AIIMS 2003 Physics Fluid Dynamics MCQ Question

To analyze the motion of a lead shot of 1 mm diameter falling through a long column of glycerine, we need to understand the dynamics of an object falling through a viscous fluid. This is a classic problem in fluid dynamics, illustrating the effects of drag force on motion.

Explanation of the Correct Answer (C)

When an object falls through a fluid, it experiences three primary forces:

1. Weight (Gravitational Force): This force pulls the object downward and is given by: $F_g = mg$ where $m$ is the mass of the object and $g$ is the acceleration due to gravity.

2. Buoyant Force: This force acts upward and is equal to the weight of the fluid displaced by the object, given by Archimedes’ principle: $F_b = \rho_f V g$ where $\rho_f$ is the density of the fluid, $V$ is the volume of the object, and $g$ is the acceleration due to gravity.

3. Drag Force: As the object moves through the fluid, it experiences a drag force that opposes its motion.

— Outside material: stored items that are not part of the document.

(* Let $\mathbb M^{n+1}$ be Minkowski space with form $\langle-,-\rangle$ of signature $-+\dots+$, let $c>0$, and let $\mathcal K^c=\{x\in\mathbb M^{n+1}:\langle x,x\rangle=-c^2,\ x \text{ future-oriented}\}$ with the Riemannian metric induced by $\langle-,-\rangle$ (a hyperbolic space of curvature $-1/c^2$), so that $T_p\mathcal K^c=p^\perp$ with the inner product $\langle-,-\rangle|_{p^\perp}$. Fix $p\in\mathcal K^c$. For $w\in T_p\mathcal K^c$ put $v(w):=c\tanh(|w|/c)\,\frac{w}{|w|}$ ($v(0)=0$); this is a bijection from $T_p\mathcal K^c$ onto the open ball $\mathcal V_p=\{u\in p^\perp:\langle u,u\rangle<c^2\}$. For $w_1,w_2\in T_p\mathcal K^c$, let $q:=\exp_p w_1$, let $w_2'\in T_q\mathcal K^c$ be the parallel transport of $w_2$ along the geodesic segment from $p$ to $q$, let $r:=\exp_q w_2'$, and define $w_1\oplus w_2:=\exp_p^{-1}r$. For $v_1,v_2\in\mathcal V_p$ with $v_i=v(w_i)$ define $v_1\oplus v_2:=v(w_1\oplus w_2)$. Then $v_1\oplus v_2$ equals the Einstein relativistic velocity sum $$v_1\oplus v_2=\frac{1}{1+\frac{\langle v_1,v_2\rangle}{c^2}}\left(v_1+\frac{v_2}{\gamma_{v_1}}+\frac{1}{c^2}\,\frac{\gamma_{v_1}}{1+\gamma_{v_1}}\langle v_1,v_2\rangle\, v_1\right),\qquad \gamma_{v_1}=\Big(1-\frac{\langle v_1,v_1\rangle}{c^2}\Big)^{-1/2}.$$
   Context: $\exp$ denotes the Riemannian exponential map of $\mathcal K^c$ and $|w|=\sqrt{\langle w,w\rangle}$ for $w\in p^\perp$. The velocity $v(w)$ is the relative velocity (as measured by $p$) of the inertial observer $\exp_p w$; the Einstein sum $v_1\oplus v_2$ is the velocity, relative to $p$, of an object moving with velocity $v_2$ relative to a frame that moves with velocity $v_1$ relative to $p$ (frames related by a pure boost). *)

From HB Require Import structures.
From mathcomp Require Import all_boot all_order all_algebra.
From mathcomp Require Import all_classical all_reals all_analysis.
Set Implicit Arguments. Unset Strict Implicit. Unset Printing Implicit Defensive.
Import Order.TTheory GRing.Theory Num.Theory.
Import numFieldNormedType.Exports.
Local Open Scope ring_scope.

Section Minkowski.
Variables (R : realType) (n : nat).

(* Minkowski space M^{n+1}: row vectors with n+1 coordinates, coordinate 0 = time. *)
Definition vec := 'rV[R]_(n.+1).

Definition mink (x y : vec) : R :=
  \sum_(i < n.+1) (if i == ord0 then -1 else 1) * (x ord0 i * y ord0 i).

Definition onK (c : R) (x : vec) : Prop := mink x x = - c ^+ 2 /\ 0 < x ord0 ord0.

Definition mnorm (w : vec) : R := Num.sqrt (mink w w).

(* geodesic of K^c (w.r.t. induced metric): a C^2 curve in K^c whose ambient
   acceleration is normal to K^c, i.e. proportional to the position vector
   (T_x K^c = x^perp, normal line = span x). *)
Definition geodesic (c : R) (g : R -> vec) : Prop :=
  forall t : R, onK c (g t) /\ derivable g t 1 /\ derivable ('D_1 g) t 1 /\
    exists k : R, 'D_1 ('D_1 g) t = k *: g t.

(* parallel vector field along a curve g in K^c (Levi-Civita connection of the
   induced metric): tangent at each point, ambient derivative normal. *)
Definition parallel_along (g : R -> vec) (V : R -> vec) : Prop :=
  forall t : R, mink (g t) (V t) = 0 /\ derivable V t 1 /\
    exists k : R, 'D_1 V t = k *: g t.

Definition expRel (c : R) (p w q : vec) : Prop :=
  exists g : R -> vec, geodesic c g /\ g 0 = p /\ 'D_1 g 0 = w /\ g 1 = q.

Definition transportRel (c : R) (p w1 w2 w2' : vec) : Prop :=
  exists (g : R -> vec) (V : R -> vec), geodesic c g /\ g 0 = p /\ 'D_1 g 0 = w1 /\
    parallel_along g V /\ V 0 = w2 /\ V 1 = w2'.

Definition tanhR (x : R) : R := (expR x - expR (- x)) / (expR x + expR (- x)).

Definition vel (c : R) (w : vec) : vec :=
  if w == 0 then 0 else (c * tanhR (mnorm w / c) / mnorm w) *: w.

Definition lorentz_gamma (c : R) (v : vec) : R :=
  (Num.sqrt (1 - mink v v / c ^+ 2))^-1.

Definition einstein_add (c : R) (v1 v2 : vec) : vec :=
  (1 + mink v1 v2 / c ^+ 2)^-1 *:
    (v1 + (lorentz_gamma c v1)^-1 *: v2 +
     ((c ^+ 2)^-1 * (lorentz_gamma c v1 / (1 + lorentz_gamma c v1)) * mink v1 v2) *: v1).

End Minkowski.

(* The geodesics of K^c are the curves [t |-> cosh (b t) p + (sinh (b t) / b) w] with
   [b = |w| / c]: along a geodesic [g] the Gauss formula gives [g'' = (<g', g'> / c^2) g] with
   [<g', g'>] constant, so every coordinate solves [u'' = b^2 u].  The same formula gives
   [V' = (<g', V> / c^2) g] for a parallel field [V], with [<g', V> = <w1, w2>] constant, so
   parallel transport is explicit too, and [r = exp_q w2'] is an explicit combination of
   [p], [w1], [w2].  Finally [r = gamma (p + v(w3))] with [gamma = - <p, r> / c^2], and
   [gamma_(v(w)) = cosh (|w| / c)], so the comparison with the Einstein sum is a field identity. *)

From HB Require Import structures.
From mathcomp Require Import all_boot all_order all_algebra.
From mathcomp Require Import all_classical all_reals all_analysis.
From mathcomp Require Import ring lra.
Import Order.TTheory GRing.Theory Num.Theory.
Import numFieldNormedType.Exports.
Local Open Scope ring_scope.

Section Calculus.
Context {R : realType}.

For small spheres in a viscous fluid, the drag force can be described by Stokes' Law: $F_d = 6\pi \eta r v$ where $\eta$ is the dynamic viscosity of the fluid, $r$ is the radius of the sphere, and $v$ is the velocity of the object.

Motion Analysis

Initially, when the lead shot is dropped, it accelerates due to gravity until the drag force balances the gravitational force. At terminal velocity $v_t$, the net force acting on the lead shot becomes zero. This condition can be expressed as: $F_g - F_b - F_d = 0$

Substituting the forces into the equation: $mg - \rho_f V g - 6\pi \eta r v_t = 0$

By solving this equation, we can find the terminal velocity $v_t$:

1. The volume $V$ of the lead shot (spherical) is given by: $V = \frac{4}{3} \pi r^3$ where $r = 0.5 \text{ mm} = 0.0005 \text{ m}$.

2. Rearranging the balance of forces gives: $v_t = \frac{(mg - \rho_f V g)}{6\pi \eta r}$

As the lead shot falls through the glycerine, the velocity $v$ initially increases until it reaches a steady state (terminal velocity) where it no longer accelerates. This results in a characteristic curve where velocity increases with distance initially and then levels off as it approaches terminal velocity.

Why Other Options Are Incorrect

Since the question specifically states that option C is the correct representation of the velocity versus distance graph for the lead shot in glycerine, options D (and any other options) must not accurately represent this behavior. The common characteristics of the options could be:

• They may suggest an incorrect linear relationship indicating constant acceleration or deceleration rather than leveling off, which does not occur in viscous drag scenarios.
• They might not reflect the asymptotic nature of the terminal velocity.

Conclusion

In summary, the falling lead shot's velocity increases rapidly at first but then approaches a maximum constant value (terminal velocity) due to the balance of forces acting on it. This is characteristic of motion in a viscous fluid like glycerine, confirming that option C accurately depicts the situation described in the problem.

Understanding these dynamics is crucial for mastering concepts in fluid mechanics and preparing for NEET/JEE exams.